* PROBLEM *
Below this line is a set of entries; quote exactly the lines from the line that contains "have -> : in_interval a.+1 b a.+1" to the line that contains "by rewrite hom_coef_outside // negb_and", both lines included.

* DATASET ENTRIES *

(* Let $$F(x)=\sum_{n\ge0}t^n\sum_{(P,Q)\in\mathcal{I}_n}x^{\mathrm{contact}(P)},\qquad H(x)\equiv H(t,x,s)=\sum_{n\ge0}t^n\sum_{(P,Q)\in\mathcal{I}_n}x^{\mathrm{contact}(P)}\sum_{i=0}^{2n}s^{Q(i)},$$ and write $F(1),H(1)$ for their specializations at $x=1$. Then $$H(x)=F(x)+sxtF(x)\frac{H(x)-H(1)}{x-1}+xtH(x)\frac{F(x)-F(1)}{x-1}.$$
   Context: A Dyck path of size $n$ is a lattice path from $(0,0)$ to $(2n,0)$ with $n$ up-steps $(1,1)$ and $n$ down-steps $(1,-1)$ never going below height $0$; $\mathcal{D}_n$ is their set; $Q(i)$ denotes the height of $Q$ at abscissa $i$. A contact of a path is a vertex of the path lying on the $x$-axis (including both endpoints); $\mathrm{contact}(P)$ is the number of contacts of $P$. The Tamari order on $\mathcal{D}_n$ is the reflexive transitive closure of the relation: if $P$ has a down-step $d$ immediately followed by an up-step and $\mathfrak{e}$ is the shortest excursion following $d$ (a subpath staying strictly above its starting height except at its last point), the path obtained by exchanging $d$ and $\mathfrak{e}$ is larger than $P$. $\mathcal{I}_n$ is the set of pairs $(P,Q)\in\mathcal{D}_n^2$ with $P\le Q$ (Tamari intervals; $P$ lower path, $Q$ upper path). The series are formal power series in $t$. *)

From mathcomp Require Import all_boot all_algebra.
Set Implicit Arguments. Unset Strict Implicit. Unset Printing Implicit Defensive.
Import GRing.Theory Num.Theory.
Local Open Scope ring_scope.

(* A lattice path is a seq bool: true = up-step (1,1), false = down-step (1,-1). *)
Definition step_val (b : bool) : int := if b then 1 else -1.

Definition height (P : seq bool) (i : nat) : int := \sum_(b <- take i P) step_val b.

Definition is_dyck (n : nat) (P : seq bool) : bool :=
  [&& size P == (2 * n)%N,
      all (fun i => 0 <= height P i) (iota 0 (size P).+1)
    & height P (size P) == 0].

Definition contact (P : seq bool) : nat :=
  count (fun i => height P i == 0) (iota 0 (size P).+1).

(* If step j of P is a down-step d immediately followed by an up-step, exchange d
   with the shortest excursion e following d (steps j+1 .. k-1, where k is the
   first abscissa > j+1 at which the height returns to the height after d). *)
Definition rotate (P : seq bool) (j : nat) : option (seq bool) :=
  if (nth true P j == false) && (nth false P j.+1 == true) then
    let h := height P j.+1 in
    match [seq k <- iota j.+2 (size P - j.+1) | height P k == h] with
    | k :: _ => Some (take j P ++ drop j.+1 (take k P) ++ false :: drop k P)
    | [::] => None
    end
  else None.

Definition tam_step (P Q : seq bool) : bool :=
  has (fun j => rotate P j == Some Q) (iota 0 (size P)).

Definition tamari_le (n : nat) (P Q : (2 * n).-tuple bool) : bool :=
  connect [rel A B : (2 * n).-tuple bool | [&& is_dyck n A, is_dyck n B & tam_step A B]] P Q.

(* Polynomials in x (outer variable) with coefficients polynomials in s (inner variable). *)
Notation bipoly := {poly {poly int}}.

(* coefficient of t^n in F(x) *)
Definition Fcoef (n : nat) : bipoly :=
  \sum_(P : (2 * n).-tuple bool | is_dyck n P)
    \sum_(Q : (2 * n).-tuple bool | is_dyck n Q && tamari_le P Q)
      'X ^+ contact P.

(* coefficient of t^n in H(x) = H(t,x,s) *)
Definition Hcoef (n : nat) : bipoly :=
  \sum_(P : (2 * n).-tuple bool | is_dyck n P)
    \sum_(Q : (2 * n).-tuple bool | is_dyck n Q && tamari_le P Q)
      ('X ^+ contact P * \sum_(i < (2 * n).+1) (('X : {poly int}) ^+ `|height Q i|%N)%:P).

(* divided difference (p(x) - p(1)) / (x - 1), an exact polynomial division *)
Definition ddiff (p : bipoly) : bipoly := (p - (p.[1])%:P) %/ ('X - 1).

From mathcomp Require Import all_boot all_algebra.
From mathcomp Require Import zify ring.
From Stdlib Require Import Relation_Operators.
Import GRing.Theory Num.Theory.
Local Open Scope ring_scope.

Set Implicit Arguments. Unset Strict Implicit. Unset Printing Implicit Defensive.

(* Cut the upper path at its last return, Q = Q1 u Q2 d.  Heights only grow along
   the Tamari order, so every P <= Q touches the axis at |Q1| as well, and rotations
   never cross such a common contact: P = P1 u X d Y with P1 <= Q1 and
   u X d Y <= u Q2 d, which is equivalent to X Y <= Q2 (the final d is pushed past Y
   one excursion at a time).  Hence intervals of size m+1 correspond bijectively to
   pairs of intervals (P1,Q1), (P2,Q2) of total size m together with a contact p of
   P2, where X Y is P2 cut at p.  The contacts of P are those of P1 and those of P2
   from p on, so summing over p turns x^contact(P2) into x (x^contact(P2) - 1)/(x - 1);
   the heights of Q are those of Q1, those of Q2 raised by one (a factor s), and a
   final 0. *)

Lemma height0 Z : height Z 0 = 0.
Proof. by rewrite /height take0 big_nil. Qed.
Lemma hom_coef_step_right m : (m.+1 < t)%N ->
  in_interval a b m -> in_interval c d m -> in_interval c d m.+1 -> hom_coef g m != 0 ->
  in_interval a b m.+1 /\ hom_coef g m.+1 = hom_coef g m.
Proof.
move=> lt_mt ab_m cd_m cd_m1; have := (is_hom_intervalP g).1 hg m lt_mt.
rewrite ab_m cd_m cd_m1 /=; case: (in_interval a b m.+1) => [-> //|<-].
by rewrite eqxx.
Qed.

Lemma hom_coef_step_left m : (m.+1 < t)%N ->
  in_interval a b m -> in_interval a b m.+1 -> in_interval c d m.+1 -> hom_coef g m.+1 != 0 ->
  in_interval c d m /\ hom_coef g m = hom_coef g m.+1.
Proof.
move=> lt_mt ab_m ab_m1 cd_m1; have := (is_hom_intervalP g).1 hg m lt_mt.
rewrite ab_m ab_m1 cd_m1 /= andbT; case: (in_interval c d m) => [-> //|->].
by rewrite eqxx.
Qed.

Lemma interval_hom_support n : (d < t)%N -> (n < t)%N -> hom_coef g n != 0 ->
  [/\ (c <= a <= n)%N, (n <= d <= b)%N &
      forall m, (a <= m <= d)%N -> hom_coef g m = hom_coef g n].
Proof.
move=> lt_dt lt_nt gn; have [ab_n cd_n] := hom_coef_inside lt_nt gn.
move: (ab_n) (cd_n); rewrite /in_interval => /andP[an nb] /andP[cn nd].
have coef_right j : (n + j <= d)%N -> in_interval a b (n + j) /\ hom_coef g (n + j) = hom_coef g n.
  elim: j => [|j IH] le_jd; first by rewrite addn0.
  have [ab_j gj] := IH ltac:(lia).
  have lt_jt : ((n + j).+1 < t)%N by lia.
  have cd_j : in_interval c d (n + j) by rewrite /in_interval; lia.
  have cd_j1 : in_interval c d (n + j).+1 by rewrite /in_interval; lia.
  have [ab_j1 gj1] := hom_coef_step_right lt_jt ab_j cd_j cd_j1 ltac:(by rewrite gj).
  by rewrite addnS ab_j1 gj1.
have coef_left j : (j <= n)%N -> (a <= n - j)%N ->
    in_interval c d (n - j) /\ hom_coef g (n - j) = hom_coef g n.
  elim: j => [|j IH] le_jn le_aj; first by rewrite subn0.
  have [cd_j gj] := IH ltac:(lia) ltac:(lia).
  have n_j : (n - j = (n - j.+1).+1)%N by lia.
  rewrite n_j in cd_j gj.
  have lt_jt : ((n - j.+1).+1 < t)%N by lia.
  have ab_j : in_interval a b (n - j.+1) by rewrite /in_interval; lia.
  have ab_j1 : in_interval a b (n - j.+1).+1 by rewrite /in_interval; lia.
  have [cd_j1 gj1] := hom_coef_step_left lt_jt ab_j ab_j1 cd_j ltac:(by rewrite gj).
  by rewrite cd_j1 gj1.
have [ab_d _] := coef_right (d - n)%N ltac:(lia); rewrite subnKC // /in_interval in ab_d.
have [cd_a _] := coef_left (n - a)%N ltac:(lia) ltac:(lia); rewrite subKn // /in_interval in cd_a.
split; [lia | lia | move=> m am_d].
have [le_mn | lt_nm] := leqP m n.
  by have [_] := coef_left (n - m)%N ltac:(lia) ltac:(lia); rewrite subKn.
by have [_] := coef_right (m - n)%N ltac:(lia); rewrite subnKC // ltnW.
Qed.

End IntervalHom.

Lemma interval_retraction a b c d (g : homfam (I a b) (I c d)) (h : homfam (I c d) (I a b)) n :
  heq (hcomp g h) (hid (I a b)) -> (n < t)%N -> in_interval a b n ->
  [/\ in_interval c d n, hom_coef g n != 0 & hom_coef h n != 0].
Proof.
move=> gh lt_nt ab_n.
have : hom_coef (hcomp g h) n = hom_coef (hid (I a b)) n by rewrite /hom_coef gh.
rewrite hom_coef_comp // hom_coef_id // ab_n.
case: (in_interval c d n) => [gh1 | /eqP]; last by rewrite eq_sym oner_eq0.
by split=> //; apply: contra_eq_neq gh1 => ->; rewrite ?mul0r ?mulr0 eq_sym oner_eq0.
Qed.

Lemma interval_endo_inv a b (g : homfam (I a b) (I a b)) n :
  is_hom g -> (b < t)%N -> (n < t)%N -> hom_coef g n != 0 ->
  exists h : homfam (I a b) (I a b),
    [/\ is_hom h, heq (hcomp g h) (hid _) & heq (hcomp h g) (hid _)].
Proof.
move=> hg lt_bt lt_nt gn; have [_ _ g_const] := interval_hom_support hg lt_bt lt_nt gn.
exists (interval_map a b a b (hom_coef g n)^-1); split.
- by apply: is_hom_interval_map => m _; case: (in_interval a b m); case: (in_interval a b m.+1).
- apply: hom_coef_inj => m lt_mt.
  rewrite hom_coef_comp // hom_coef_id // hom_coef_interval_map // andbb.
  by case: ifP => //; rewrite /in_interval => ab_m; rewrite ab_m g_const // mulfV.
- apply: hom_coef_inj => m lt_mt.
  rewrite hom_coef_comp // hom_coef_id // hom_coef_interval_map // andbb.
  by case: ifP => //; rewrite /in_interval => ab_m; rewrite ab_m g_const // mulVf.
Qed.

Lemma interval_hom_factor_incl x y a b (g : homfam (I x y) (I a b)) :
  is_hom g -> (a < b < t)%N -> hom_coef g a = 0 ->
  exists g' : homfam (I x y) (I a.+1 b),
    is_hom g' /\ heq (hcomp g' (interval_map a.+1 b a b 1)) g.
Proof.
move=> hg /andP[lt_ab lt_bt] ga0.
have g'E n : (n < t)%N -> hom_coef (hcomp g (interval_map a b a.+1 b 1)) n =
    if in_interval a.+1 b n then hom_coef g n else 0.
  move=> lt_nt; rewrite hom_coef_comp // hom_coef_interval_map //.
  have [le_na | lt_an] := leqP n a.
    have -> : in_interval a.+1 b n = false by rewrite /in_interval; lia.
    by rewrite andbF mulr0 if_same.
  have -> : in_interval a b n = in_interval a.+1 b n by rewrite /in_interval; lia.
  by case: (in_interval a.+1 b n); rewrite ?mulr1.
exists (hcomp g (interval_map a b a.+1 b 1)); split.
  apply/is_hom_intervalP => n lt_nt; rewrite !g'E ?(ltnW lt_nt) //.
  have := (is_hom_intervalP g).1 hg n lt_nt.
  case: (ltngtP a n) => [lt_an | lt_na | <-].
  - have -> : in_interval a.+1 b n = in_interval a b n by rewrite /in_interval; lia.
    have -> : in_interval a.+1 b n.+1 = in_interval a b n.+1 by rewrite /in_interval; lia.
    by case: (in_interval a b n); case: (in_interval a b n.+1);
      case: (in_interval x y n); case: (in_interval x y n.+1).
  - have -> : in_interval a.+1 b n = false by rewrite /in_interval; lia.
    have -> : in_interval a.+1 b n.+1 = false by rewrite /in_interval; lia.
    by rewrite /= !if_same.
  - rewrite ga0 if_same => g_a.
    have -> : in_interval a.+1 b a = false by rewrite /in_interval; lia.
    have -> : in_interval a.+1 b a.+1 by rewrite /in_interval; lia.
    by rewrite g_a.
apply: hom_coef_inj => n lt_nt; rewrite hom_coef_comp // g'E // hom_coef_interval_map //.
case: (ltngtP a n) => [lt_an | lt_na | <-].
- have -> : in_interval a.+1 b n = in_interval a b n by rewrite /in_interval; lia.
  case ab_n: (in_interval a b n) => /=; first by rewrite mulr1.
  by rewrite hom_coef_outside // ab_n andbF.
- have -> : in_interval a.+1 b n = false by rewrite /in_interval; lia.
  by rewrite hom_coef_outside // negb_and orbC /in_interval; lia.
- by have -> : in_interval a.+1 b a = false by rewrite /in_interval; lia.
Qed.
(* Let $a\neq 0$ be a real constant and let $M$ be the open subset $\{r>0\}$ of $\mathbb{R}^4$ with coordinates $(t,\phi,r,z)$, equipped with the Som-Raychaudhuri metric $$g=(dt+a r^{2}\,d\phi)^{2}-r^{2}\,d\phi^{2}-dr^{2}-dz^{2}.$$ Then $(M,g)$ has the following properties: (i) its Ricci tensor is cyclic parallel; (ii) it is $2$-quasi-Einstein; (iii) it is an $Ein(3)$ manifold; (iv) it is generalized quasi-Einstein both in the sense of Chaki and in the sense of De and Ghosh; (v) it is pseudo quasi-Einstein; (vi) it is special Ricci generalized pseudosymmetric, i.e. $R\cdot R=Q(S,R)$; (vii) it is a manifold of pseudosymmetric Weyl conformal curvature tensor; (viii) it is of generalized Roter type; (ix) its Ricci tensor is Riemann compatible, conformal (Weyl) compatible, concircular compatible and conharmonic compatible.
   Context: Notation for a semi-Riemannian manifold $(M,g)$ of dimension $n$ (here $n=4$): $\nabla$ is the Levi-Civita connection, $\mathcal R(X,Y)=[\nabla_X,\nabla_Y]-\nabla_{[X,Y]}$, $R(X_1,X_2,X_3,X_4)=g(\mathcal R(X_1,X_2)X_3,X_4)$, $S$ is the Ricci tensor, $\kappa$ the scalar curvature, $\mathcal S$ the Ricci operator ($g(X,\mathcal SY)=S(X,Y)$), $S^2(X,Y)=S(X,\mathcal SY)$, $S^3(X,Y)=S(X,\mathcal S^2Y)$. For a symmetric $(0,2)$-tensor $A$, $(X\wedge_A Y)Z=A(Y,Z)X-A(X,Z)Y$. Weyl conformal operator $\mathcal C(X,Y)=\mathcal R(X,Y)-\frac{1}{n-2}\big(X\wedge_g\mathcal SY+\mathcal SX\wedge_g Y-\frac{\kappa}{n-1}X\wedge_g Y\big)$; concircular operator $\mathcal W(X,Y)=\mathcal R(X,Y)-\frac{\kappa}{n(n-1)}X\wedge_gY$; conharmonic operator $\mathcal K(X,Y)=\mathcal R(X,Y)-\frac{1}{n-2}(X\wedge_g\mathcal SY+\mathcal SX\wedge_gY)$; the $(0,4)$-tensors $C,W,K$ are obtained from these as $R$ from $\mathcal R$. For an endomorphism $\mathcal H$ and a $(0,k)$-tensor $T$, $(\mathcal H\cdot T)(X_1,\dots,X_k)=-\sum_{i}T(X_1,\dots,\mathcal HX_i,\dots,X_k)$; $(R\cdot T)(X_1,\dots,X_k,X,Y)=(\mathcal R(X,Y)\cdot T)(X_1,\dots,X_k)$, similarly $C\cdot T$ with $\mathcal C(X,Y)$, and $Q(A,T)(X_1,\dots,X_k,X,Y)=((X\wedge_AY)\cdot T)(X_1,\dots,X_k)$. Kulkarni–Nomizu product: $(A\wedge E)(X_1,X_2,X,Y)=A(X_1,Y)E(X_2,X)+A(X_2,X)E(X_1,Y)-A(X_1,X)E(X_2,Y)-A(X_2,Y)E(X_1,X)$. Definitions: $M$ is $k$-quasi-Einstein if $\mathrm{rank}(S-\alpha g)=k$ for some smooth function $\alpha$ (quasi-Einstein means $k=1$). $M$ is $Ein(3)$ if $S^3+a_3S^2+a_4S+a_5g=0$ for some smooth functions $a_i$. The Ricci tensor is cyclic parallel if $(\nabla_{X_1}S)(X_2,X_3)+(\nabla_{X_2}S)(X_3,X_1)+(\nabla_{X_3}S)(X_1,X_2)=0$. Let $U$ be the set of points where $S-\nu_1g-\nu_2\xi\otimes\xi\neq0$ for all scalars $\nu_1,\nu_2$ and $1$-forms $\xi$. $M$ is generalized quasi-Einstein in the sense of Chaki (resp. De and Ghosh) if on $U$, $S=\alpha g+\beta\Pi\otimes\Pi+\gamma(\Pi\otimes\Phi+\Phi\otimes\Pi)$ (resp. $S=\alpha g+\beta\Pi\otimes\Pi+\gamma\Phi\otimes\Phi$) for smooth functions $\alpha,\beta,\gamma$ and $1$-forms $\Pi,\Phi$ whose associated vector fields are mutually orthogonal. $M$ is pseudo quasi-Einstein if on $U$, $S=\alpha g+\beta\Pi\otimes\Pi+\gamma E$ for smooth functions $\alpha,\beta,\gamma$, a $1$-form $\Pi$ and a trace-free symmetric $(0,2)$-tensor $E$ with $E(X,V)=0$ for all $X$, $V$ being the vector field associated to $\Pi$. $M$ is a manifold of pseudosymmetric Weyl conformal curvature tensor if $C\cdot C=L\,Q(g,C)$ for some smooth function $L$. $M$ is of generalized Roter type if $R=L_1g\wedge g+L_2g\wedge S+L_3S\wedge S+L_4g\wedge S^2+L_5S\wedge S^2+L_6S^2\wedge S^2$ for some smooth functions $L_j$. A symmetric $(0,2)$-tensor $E$ with endomorphism $\mathcal E$ ($g(\mathcal EX,Y)=E(X,Y)$) is Riemann compatible if $R(\mathcal EX_1,X,X_2,X_3)+R(\mathcal EX_2,X,X_3,X_1)+R(\mathcal EX_3,X,X_1,X_2)=0$ for all vector fields; conformal (Weyl), concircular and conharmonic compatibility are defined identically with $R$ replaced by $C$, $W$, $K$ respectively. *)

(* Semi-Riemannian geometry of a metric given in global coordinates on an
   (open) subset of R^4, all tensors written in the coordinate frame
   d/dx_0, ..., d/dx_3. *)
From HB Require Import structures.
From mathcomp Require Import all_boot all_order all_algebra.
From mathcomp Require Import all_classical all_reals all_analysis.
Set Implicit Arguments. Unset Strict Implicit. Unset Printing Implicit Defensive.
Import Order.TTheory GRing.Theory Num.Theory.
Import numFieldNormedType.Exports.
Local Open Scope ring_scope.

Section Geometry.
Variable R : realType.

Definition pt := 'rV[R]_4.
Definition T4 := 'I_4 -> 'I_4 -> 'I_4 -> 'I_4 -> R.

(* the coordinate vector field d/dx_i (also the i-th standard (co)vector) *)
Definition ecoord (i : 'I_4) : 'rV[R]_4 := delta_mx 0 i.

Definition partial (i : 'I_4) (f : pt -> R) : pt -> R :=
  fun x => 'D_(ecoord i) f x.

Fixpoint ipartial (ds : seq 'I_4) (f : pt -> R) : pt -> R :=
  match ds with
  | [::] => f
  | i :: ds' => partial i (ipartial ds' f)
  end.

Definition smooth_on (U : set pt) (f : pt -> R) : Prop :=
  forall (ds : seq 'I_4) (x : pt), U x ->
    {for x, continuous (ipartial ds f)} /\
    (forall i, derivable (ipartial ds f) x (ecoord i)).

Definition smooth_vec_on (U : set pt) (P : pt -> 'rV[R]_4) : Prop :=
  forall i, smooth_on U (fun x => P x 0 i).

Definition smooth_mx_on (U : set pt) (E : pt -> 'M[R]_4) : Prop :=
  forall i j, smooth_on U (fun x => E x i j).

(* Pointwise tensor algebra.  Convention for endomorphisms H of the     *)
(* tangent space: H c m is the m-th component of H(d/dx_c), so that     *)
(* H(u) = u *m H for a row vector u of components.                      *)

(* (X /\_A Y) Z = A(Y,Z) X - A(X,Z) Y  as an endomorphism matrix *)
Definition wedgeE (A : 'M[R]_4) (u v : 'rV[R]_4) : 'M[R]_4 :=
  \matrix_(c, m) ((v *m A) 0 c * u 0 m - (u *m A) 0 c * v 0 m).

Definition dotT (H : 'M[R]_4) (T : T4) : T4 :=
  fun i j k l => - \sum_(m < 4)
    (H i m * T m j k l + H j m * T i m k l + H k m * T i j m l + H l m * T i j k m).

Definition KN (A E : 'M[R]_4) : T4 :=
  fun i j a b => A i b * E j a + A j a * E i b - A i a * E j b - A j b * E i a.

Definition compatible (T : T4) (Emx : 'M[R]_4) : Prop :=
  forall i a j k : 'I_4,
    \sum_(p < 4) (Emx i p * T p a j k + Emx j p * T p a k i + Emx k p * T p a i j) = 0.

Variable G : pt -> 'M[R]_4.

Definition ginv (x : pt) : 'M[R]_4 := invmx (G x).

Definition dg (k i j : 'I_4) (x : pt) : R := partial k (fun y => G y i j) x.

(* Christoffel symbols Gamma^k_ij : nabla_{d_i} d_j = sum_k Gamma^k_ij d_k *)
Definition Gam (x : pt) (k i j : 'I_4) : R :=
  2^-1 * \sum_(l < 4) ginv x k l * (dg i j l x + dg j i l x - dg l i j x).

(* curvature operator  R(d_a, d_b) = [nabla_a, nabla_b] (coordinate fields
   commute), as an endomorphism matrix *)
Definition Rop (x : pt) (a b : 'I_4) : 'M[R]_4 :=
  \matrix_(c, p)
    (partial a (fun y => Gam y p b c) x - partial b (fun y => Gam y p a c) x
     + \sum_(m < 4) (Gam x m b c * Gam x p a m - Gam x m a c * Gam x p b m)).

(* lowering the last index: T(X1,X2,X3,X4) = g(H(X1,X2)X3, X4) *)
Definition lower (x : pt) (H : 'I_4 -> 'I_4 -> 'M[R]_4) : T4 :=
  fun i j k l => \sum_(m < 4) H i j k m * G x m l.

Definition Rt (x : pt) : T4 := lower x (Rop x).

(* Ricci tensor S(X,Y) = tr (Z |-> R(Z,X)Y) *)
Definition Ric (x : pt) : 'M[R]_4 := \matrix_(b, c) \sum_(a < 4) Rop x a b c a.

(* Ricci operator: g(X, S Y) = S(X,Y) *)
Definition Sop (x : pt) : 'M[R]_4 := (ginv x *m Ric x)^T.

Definition kappa (x : pt) : R := \tr (ginv x *m Ric x).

* RESPONSE TO THE TASK *
    have -> : in_interval a.+1 b a.+1 by rewrite /in_interval; lia.
    by rewrite g_a.
apply: hom_coef_inj => n lt_nt; rewrite hom_coef_comp // g'E // hom_coef_interval_map //.
case: (ltngtP a n) => [lt_an | lt_na | <-].
- have -> : in_interval a.+1 b n = in_interval a b n by rewrite /in_interval; lia.
  case ab_n: (in_interval a b n) => /=; first by rewrite mulr1.
  by rewrite hom_coef_outside // ab_n andbF.
- have -> : in_interval a.+1 b n = false by rewrite /in_interval; lia.
  by rewrite hom_coef_outside // negb_and orbC /in_interval; lia.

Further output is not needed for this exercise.